# EXERCISE OBJECTIVE
Using the entries below, output each line exactly from the first through the one that contains "pose s' b := if b == a then u else s b.".

[EXTRACTED RECORDS Boundary: Start]

Lemma is_sup_le2 (c : nat -> X * X) a b :
  is_sup le (range (fun n => (c n).1)) a -> is_sup le (range (fun n => (c n).2)) b ->
  is_sup (le2 le) (range c) (a, b).
Proof.
move=> [a_ub a_least] [b_ub b_least]; split.
  by move=> _ [n ->]; split; [apply: a_ub | apply: b_ub]; exists n.
move=> u u_ub; split.
  by apply: a_least => _ [n ->]; apply: (u_ub (c n) (ex_intro _ n erefl)).1.
by apply: b_least => _ [n ->]; apply: (u_ub (c n) (ex_intro _ n erefl)).2.
Qed.

Lemma is_sup_lefP (A : eqType) (c : nat -> A -> X) (s : A -> X) :
  is_sup (lef le) (range c) s <-> forall a, is_sup le (range (c^~ a)) (s a).
Proof.
split=> [[s_ub s_least] a | s_sup].
  split=> [_ [n ->] | u u_ub]; first by apply: (s_ub (c n)); exists n.
  pose s' b := if b == a then u else s b.
  suff : lef le s s' by move=> /(_ a); rewrite /s' eqxx.
  apply: s_least => _ [n ->] b; rewrite /s'; case: eqP => [->|_].
    by apply: u_ub; exists n.
  by apply: (s_ub (c n)); exists n.
split=> [_ [n ->] a | u u_ub a]; first by apply: (s_sup a).1; exists n.
by apply: (s_sup a).2 => _ [n ->]; apply: (u_ub (c n)); exists n.
Qed.

End Suprema.

Section BekicHypotheses.
Variables (X : Type) (le : X -> X -> Prop).
Hypothesis po : is_poset le.

Let le_refl : forall x, le x x := proj1 po.

Lemma pair_map_mono f g : monotone2 le f -> monotone2 le g ->
  forall p q, le2 le p q -> le2 le (pair_map f g p) (pair_map f g q).
Proof. by move=> f_mono g_mono p q [? ?]; split; [apply: f_mono | apply: g_mono]. Qed.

[EXTRACTED RECORDS Boundary: End]

# ANSWER SECTION
Lemma is_sup_le2 (c : nat -> X * X) a b :
  is_sup le (range (fun n => (c n).1)) a -> is_sup le (range (fun n => (c n).2)) b ->
  is_sup (le2 le) (range c) (a, b).
Proof.
move=> [a_ub a_least] [b_ub b_least]; split.
  by move=> _ [n ->]; split; [apply: a_ub | apply: b_ub]; exists n.
move=> u u_ub; split.
  by apply: a_least => _ [n ->]; apply: (u_ub (c n) (ex_intro _ n erefl)).1.
by apply: b_least => _ [n ->]; apply: (u_ub (c n) (ex_intro _ n erefl)).2.
Qed.

Lemma is_sup_lefP (A : eqType) (c : nat -> A -> X) (s : A -> X) :
  is_sup (lef le) (range c) s <-> forall a, is_sup le (range (c^~ a)) (s a).
Proof.
split=> [[s_ub s_least] a | s_sup].
  split=> [_ [n ->] | u u_ub]; first by apply: (s_ub (c n)); exists n.
  pose s' b := if b == a then u else s b.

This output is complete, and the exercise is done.